Reliable direct conversion (of hydrocarbon fuels) SOFCs are now approaching 5kW/kg in commercialized applications, and they achieve 70% to 80% thermal efficiency.  I've read about lab-scale test articles achieving 8kW/kg.  Plate-out of the electrodes and destruction of the membranes from Sulfur contamination continues to be a problem, although use of Methane vs denser fuels (Propane, kerosene, diesel) ameliorates this problem.  SCO2 gas turbine engines are capable of power densities about 20X that of SOFCs by using CMCs combining Alumina with advanced fiber reinforcements like BNNT.

Do you see those big white components in these gas turbine engines?:
0617CW_IM_Fig3b.jpg

Oxide-Advanced-Thermal-512.jpg

Those are Alumina-based CMCs.  They're ceramic fiber reinforced metal oxide matrix composites (Alumina binder with Nextel fibers or something similar) with some plasticity to them, meaning they behave less like glass rods and more like sheet metal, but with significant thermal shock tolerance.  They're not stronger than metals at room temperature, nor harder than pure ceramics, nor stiffer than Carbon fibers, yet they have a highly desirable mix of those properties combined with greater tensile strength than super alloys at combustion temperatures.  Did I mention how light they are?  They're similar in density to Aluminum.  Even after hundreds of hours of operation, they still look brand new, because they're already oxidized to the point that no additional oxidation is possible.  Have you ever noticed how metals exposed to such extreme temperatures look "rusted" or "blackened" or "every color of the rainbow"?  That is actually surface oxidation damage to the base metal alloy.  After a certain amount of accumulated oxidation damage, they become scrap metal.

A master's level thesis on testing these materials:
All-Oxide Ceramic Matrix Composites - Thermal Stability during Tribological Interactions with Superalloys - Daniel Vazquez Calnacasco - Luleå University of Technology, Department of Engineering Sciences and Mathematics

Preface
This project was performed between September 2019 and May 2021 as part of the Advanced Materials Science and Engineering (AMASE) Master Program, coordinated by the European School of Materials (EUSMAT) through an Erasmus+ scholarship.

The work focused on the interactions between a ceramic matrix composite and a superalloy when subjected to tribological testing and was carried out under the supervision of professors Marta-Lena Antti and Farid Akhtar at the Division of Engineering Materials of Luleå University of Technology (Sweden) in collaboration with GKN Aerospace Engine Systems, Sweden.

The composites studied in this work are often referred to in the literature with different terminologies involving the acronym “CMC” for Ceramic Matrix Composites, preceded by a suffix, such as in: i) “Oxide” or “All-Oxide” CMC (OCMC), ii) Oxide-Oxide CMC (Ox-Ox or Ox/Ox CMC), iii) Continuous-Fiber Ceramic Composites (CFCC), iv) Long Fiber Composites (LFC) v) Ceramic Fiber-Matrix Composites (CFMC) and vi) Fiber Reinforced Ceramics (FRC & FRCMC).
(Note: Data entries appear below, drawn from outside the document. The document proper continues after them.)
(* The right-hand side is the Euler-Lagrange expression of [Lag] where [G = 1]. *)
Lemma Eexpr_unit_G b q v w : Gfull Gc N.+1 q v = 1 ->
  Eexpr Gc Ac N.+1 b q v w =
    (N.+1.*2%:R)^-1 * diag_form N.+1.*2 (fun a => pd b (Gc a) q) (v 0)
    + \sum_(mu < m) v 0 mu * pd b (Ac mu) q
    - ((N.*2.+1)%:R * \sum_(mu < m) w 0 mu *
          diag_form N.*2 (fun a => Gc [:: b, mu & a] q) (v 0)
       + \sum_(a : N.*2.+1.-tuple 'I_m) (\prod_(i <- val a) v 0 i) *
           \sum_(mu < m) v 0 mu * pd mu (Gc (b :: val a)) q
       + \sum_(mu < m) v 0 mu * pd mu (Ac b) q).
Proof.
move=> G1; rewrite /Eexpr G1 powR1 mul1r.
set c := (N.+1.*2%:R)^-1.
have dG_terms : \sum_(mu < m) \sum_(a : (N.+1.*2 - 1).-tuple 'I_m)
      (c * pd b (Gc (mu :: val a)) q - pd mu (Gc (b :: val a)) q) *
        v 0 mu * \prod_(i <- val a) v 0 i =
    c * diag_form N.+1.*2 (fun a => pd b (Gc a) q) (v 0) -
    \sum_(a : N.*2.+1.-tuple 'I_m) (\prod_(i <- val a) v 0 i) *
      \sum_(mu < m) v 0 mu * pd mu (Gc (b :: val a)) q.
  under eq_bigr do under eq_bigr do rewrite !mulrBl.
  under eq_bigr do rewrite sumrB.
  rewrite sumrB diag_form_cons mulr_sumr; congr (_ - _).
    apply: eq_bigr => mu _; rewrite /diag_form !mulr_sumr.
    by apply: eq_bigr => a _; ring.
  rewrite exchange_big /=; apply: eq_bigr => a _; rewrite mulr_sumr.
  by apply: eq_bigr => mu _; ring.
have acc_terms : (N.+1.*2%:R - 1) * \sum_(mu < m) \sum_(a : (N.+1.*2 - 2).-tuple 'I_m)
      Gc [:: b, mu & val a] q * w 0 mu * \prod_(i <- val a) v 0 i =
    N.*2.+1%:R * \sum_(mu < m) w 0 mu *
      diag_form N.*2 (fun a => Gc [:: b, mu & a] q) (v 0).
  congr (_ * _); first by rewrite doubleS mulrS addrC addrK.
  have -> : (N.+1.*2 - 2 = N.*2)%N by rewrite doubleS subSS subn1.
  apply: eq_bigr => mu _; rewrite /diag_form mulr_sumr.
  by apply: eq_bigr => a _; ring.
have F_terms : \sum_(mu < m) Fc Ac b mu q * v 0 mu =
    \sum_(mu < m) v 0 mu * pd b (Ac mu) q - \sum_(mu < m) v 0 mu * pd mu (Ac b) q.
  by rewrite -sumrB; apply: eq_bigr => mu _; rewrite /Fc; ring.
rewrite dG_terms acc_terms F_terms; ring.
Qed.

End Lagrangian.

Theorem lemma5p4 (R : realType) (m N : nat) (HN : (1 <= N)%N)
  (U : set 'rV[R]_m) (hU : open U)
  (Gc : seq 'I_m -> 'rV[R]_m -> R) (Ac : 'I_m -> 'rV[R]_m -> R)
  (Gsmooth : forall a : seq 'I_m, size a = N.*2 -> smooth_on U (Gc a))
  (Gsym : forall a b : seq 'I_m, size a = N.*2 -> perm_eq a b -> Gc a = Gc b)
  (Gpos : forall q v : 'rV[R]_m, U q -> v != 0 -> 0 < Gfull Gc N q v)
  (Asmooth : forall mu : 'I_m, smooth_on U (Ac mu))
  (s : R -> 'rV[R]_m) (s_smooth : smooth_on setT s)
  (sU : forall t, U (s t)) (s_reg : forall t, vel s t != 0)
  (EL : forall (l : 'I_m) (t : R), ELexpr Gc Ac N s l t = 0)
  (WG : forall t, Gfull Gc N (s t) (vel s t) = 1) :
  forall (b : 'I_m) (t : R), Eexpr Gc Ac N b (s t) (vel s t) (acc s t) = 0.
Proof.
move=> b t; case: N HN Gsmooth Gsym Gpos EL WG => [//|N] _ Gsmooth Gsym _ EL WG.
have ds : differentiable s t := s_smooth [::] t I.
have dv : derivable (vel s) t 1 := diff_derivable (s_smooth [:: 1] t I).
have dG a : size a = N.+1.*2 -> differentiable (Gc a) (s t).
  by move=> sz_a; exact: Gsmooth sz_a [::] (s t) (sU t).
have dA mu : differentiable (Ac mu) (s t) := Asmooth mu [::] (s t) (sU t).
(* [WG] already gives G > 0 along the curve. *)
have G_gt0 t' : 0 < Gfull Gc N.+1 (s t') (vel s t') by rewrite WG ltr01.
have momentum : (fun t' => pd b (Lag Gc Ac N.+1 (s t')) (vel s t')) =
    fun t' => diag_form N.*2.+1 (fun a => Gc (b :: a) (s t')) (vel s t' 0) + Ac b (s t').
  by apply/funext => t'; rewrite pd_Lag_velocity // WG powR1 mul1r.
have dmomentum := is_deriveD
  (is_derive_diag_form_curve (symmetric_coef_cons b Gsym) ds dv
     (fun a sz_a => dG (b :: a) (congr1 S sz_a)))
  (is_derive_comp_curve ds (dA b)).
rewrite Eexpr_unit_G // -[RHS](EL b t) /ELexpr pd_Lag_position // WG powR1 mulr1 momentum.
by rewrite (derive_val (is_derive := dmomentum)).
Qed.
Lemma filterlim_Rminus_scal {T : Type} {F : (T -> Prop) -> Prop} {FF : Filter F}
    (f g : T -> R) (x y a : R) :
  filterlim f F (locally x) -> filterlim g F (locally y) ->
  filterlim (fun u => f u - a * g u) F (locally (x - a * y)).
Proof.
  intros Hf Hg. apply filterlim_Rplus; [exact Hf|].
  apply (filterlim_comp _ _ _ g (fun z => opp (scal a z)) F (locally y)); [exact Hg|].
  apply (filterlim_comp _ _ _ (scal a) opp _ (locally (scal a y))).
  - exact (filterlim_scal_r (K := R_AbsRing) (V := R_NormedModule) a y).
  - exact (filterlim_opp (K := R_AbsRing) (V := R_NormedModule) _).
Qed.

Lemma pow_lt_compat_l (x y : R) (n : nat) : 0 <= x < y -> (0 < n)%nat -> x ^ n < y ^ n.
Proof.
  intros [Hx Hxy] Hn. induction n as [|[|n] IH]; [lia | simpl; lra |].
  assert (IH' : x ^ S n < y ^ S n) by (apply IH; lia).
  pose proof (pow_le x (S n) Hx).
  change (x * x ^ S n < y * y ^ S n). nra.
Qed.

Lemma pow_lt_reg_l (x y : R) (n : nat) : 0 <= y -> x ^ n < y ^ n -> x < y.
Proof.
  intros Hy Hpow. destruct (Rlt_le_dec x y) as [|Hyx]; [assumption|].
  pose proof (pow_incr y x n (conj Hy Hyx)). lra.
Qed.

Lemma Rpower_inv4_pow4 (x : R) : 0 < x -> Rpower x (/ 4) ^ 4 = x.
Proof.
  intros Hx. rewrite <- Rpower_pow by apply exp_pos.
  rewrite Rpower_mult. replace (/ 4 * INR 4) with 1 by (simpl; field).
  apply Rpower_1, Hx.
Qed.

Lemma exists_slope_between (r m a s : R) :
  0 <= a -> r * a < s -> r < m -> exists mu, r < mu < m /\ mu * a < s.
Proof.
  intros Ha Hs Hm.
  set (w := (s - r * a) / (2 * (a + 1))).
  assert (Hw : w * (2 * (a + 1)) = s - r * a) by (unfold w; field; lra).
  assert (Hw0 : 0 < w) by (unfold w; apply Rdiv_lt_0_compat; lra).
  set (d := Rmin ((m - r) / 2) w).
  assert (Hd1 : d <= (m - r) / 2) by apply Rmin_l.
  assert (Hd2 : d <= w) by apply Rmin_r.
  assert (Hd0 : 0 < d) by (apply Rmin_glb_lt; lra).
  exists (r + d). split; [lra|].
  assert (d * a <= w * a) by (apply Rmult_le_compat_r; lra).
  nra.
Qed.

Lemma exists_small_pow4 (c d : R) : 0 < c -> 0 < d -> exists x, 0 < x /\ c * x ^ 4 < d.
Proof.
  intros Hc Hd.
  set (x := Rmin 1 (d / (2 * c))).
  assert (Hx1 : x <= 1) by apply Rmin_l.
  assert (Hx2 : x <= d / (2 * c)) by apply Rmin_r.
  assert (Hcx : c * x <= d / 2).
  { apply (Rmult_le_compat_l c) in Hx2; [|lra].
    replace (c * (d / (2 * c))) with (d / 2) in Hx2 by (field; lra). exact Hx2. }
  assert (Hx0 : 0 < x) by (apply Rmin_glb_lt; [lra | apply Rdiv_lt_0_compat; lra]).
  exists x. split; [exact Hx0|].
  assert (x ^ 4 <= x).
  { assert (x * x <= 1) by nra. assert (x * x * x <= 1) by nra. simpl. nra. }
  nra.
Qed.

Lemma signed_pow4_nonneg (x : R) : 0 <= x -> Rabs x ^ 3 * x = x ^ 4.
Proof. intros Hx. rewrite Rabs_pos_eq by exact Hx. ring. Qed.

Lemma signed_pow4_nonpos (x : R) : x <= 0 -> Rabs x ^ 3 * x = - x ^ 4.
Proof. intros Hx. rewrite Rabs_left1 by exact Hx. ring. Qed.

Lemma coalbedo_ge_min (Tm Tp bm bp T : R) :
  Tm < Tp -> bm <= bp -> bm <= coalbedo Tm Tp bm bp T.
Proof.
  intros HT Hb. unfold coalbedo.
  destruct (Rle_dec T Tm); [lra|]. destruct (Rle_dec Tp T); [lra|].
  assert (0 <= (T - Tm) / (Tp - Tm)) by (apply Rdiv_le_0_compat; lra).
  nra.
Qed.

Lemma mu_star_gap (ga gs eps mu mus : R) :
  0 < ga -> 0 < gs -> 0 < eps -> 0 < mu -> mu < mus -> 2 < mu ^ 4 ->
  gs / ga * mus = (eps - mus ^ 4) / (eps * (mus ^ 4 - 2)) ->
  gs * mu * eps * (mu ^ 4 - 2) < ga * (eps - mu ^ 4).
Proof.
  intros Hga Hgs Heps Hmu Hmus HK Hdef.
  assert (HKM : mu ^ 4 < mus ^ 4) by (apply pow_lt_compat_l; [lra | lia]).
  set (K := mu ^ 4) in *. set (M := mus ^ 4) in *.
  assert (Hstar : gs * mus * eps * (M - 2) = ga * (eps - M)).
  { replace (gs * mus * eps * (M - 2)) with (ga * (eps * (M - 2)) * (gs / ga * mus))
      by (field; lra).
    rewrite Hdef. field. split; lra. }
  assert (mu * (K - 2) < mus * (M - 2)) by nra.
  assert (gs * eps * (mu * (K - 2)) < gs * eps * (mus * (M - 2))).
  { apply Rmult_lt_compat_l; [nra | assumption]. }
  nra.
Qed.

Lemma rhs_ray_pos (ga gs eps sig q mu a : R) (beta : R -> R) :
  0 < ga -> 0 < gs -> 0 < sig -> 0 <= mu -> 0 <= a ->
  gs * mu * eps * (mu ^ 4 - 2) <= ga * (eps - mu ^ 4) -> 0 < q * beta (mu * a) ->
  0 < rhs_s eps sig q beta a (mu * a) / gs - mu * (rhs_a eps sig a (mu * a) / ga).
Proof.
  intros Hga Hgs Hsig Hmu Ha Hgap Hbeta. unfold rhs_a, rhs_s.
  rewrite !signed_pow4_nonneg by (try apply Rmult_le_pos; assumption).
  match goal with |- 0 < ?e =>
    replace e with ((sig * a ^ 4 * (ga * (eps - mu ^ 4) - gs * mu * eps * (mu ^ 4 - 2))
                     + ga * (q * beta (mu * a))) / (ga * gs)) by (field; lra) end.
  apply Rdiv_lt_0_compat; [|nra].
  assert (0 <= sig * a ^ 4 * (ga * (eps - mu ^ 4) - gs * mu * eps * (mu ^ 4 - 2))).
  { apply Rmult_le_pos; [apply Rmult_le_pos; [lra | apply pow_le, Ha] | lra]. }
  nra.
Qed.

Lemma rhs_s_at_zero_pos (eps sig q a : R) (beta : R -> R) :
  a <= 0 -> eps * sig * a ^ 4 < q * beta 0 -> 0 < rhs_s eps sig q beta a 0.
Proof.
  intros Ha Hsmall. unfold rhs_s.
  rewrite (signed_pow4_nonpos a Ha), Rabs_R0. lra.
Qed.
In this work the term OCMC is preferred.

When addressing a composite in this document, the nomenclature will consist of three components, in the following order: fiber/(interphase)/matrix. If only two components are written, such as in “N720/A”, it will be understood that the composite has a porous matrix and no interphase.

A NASA CMC Development Partnership Project with Rolls-Royce and COI ceramics:
[url=https://ntrs.nasa.gov/api/citations/20150018257/downloads/20150018257.pdf]OXIDE/OXIDE CERAMIC MATRIX COMPOSITE (CMC)
EXHAUST MIXER DEVELOPMENT IN THE NASA ENVIRONMENTALLY RESPONSIBLE AVIATION (ERA) PROJECT[/url]

The very last slide shows pictograms of the process steps that COI Ceramics uses to make these parts.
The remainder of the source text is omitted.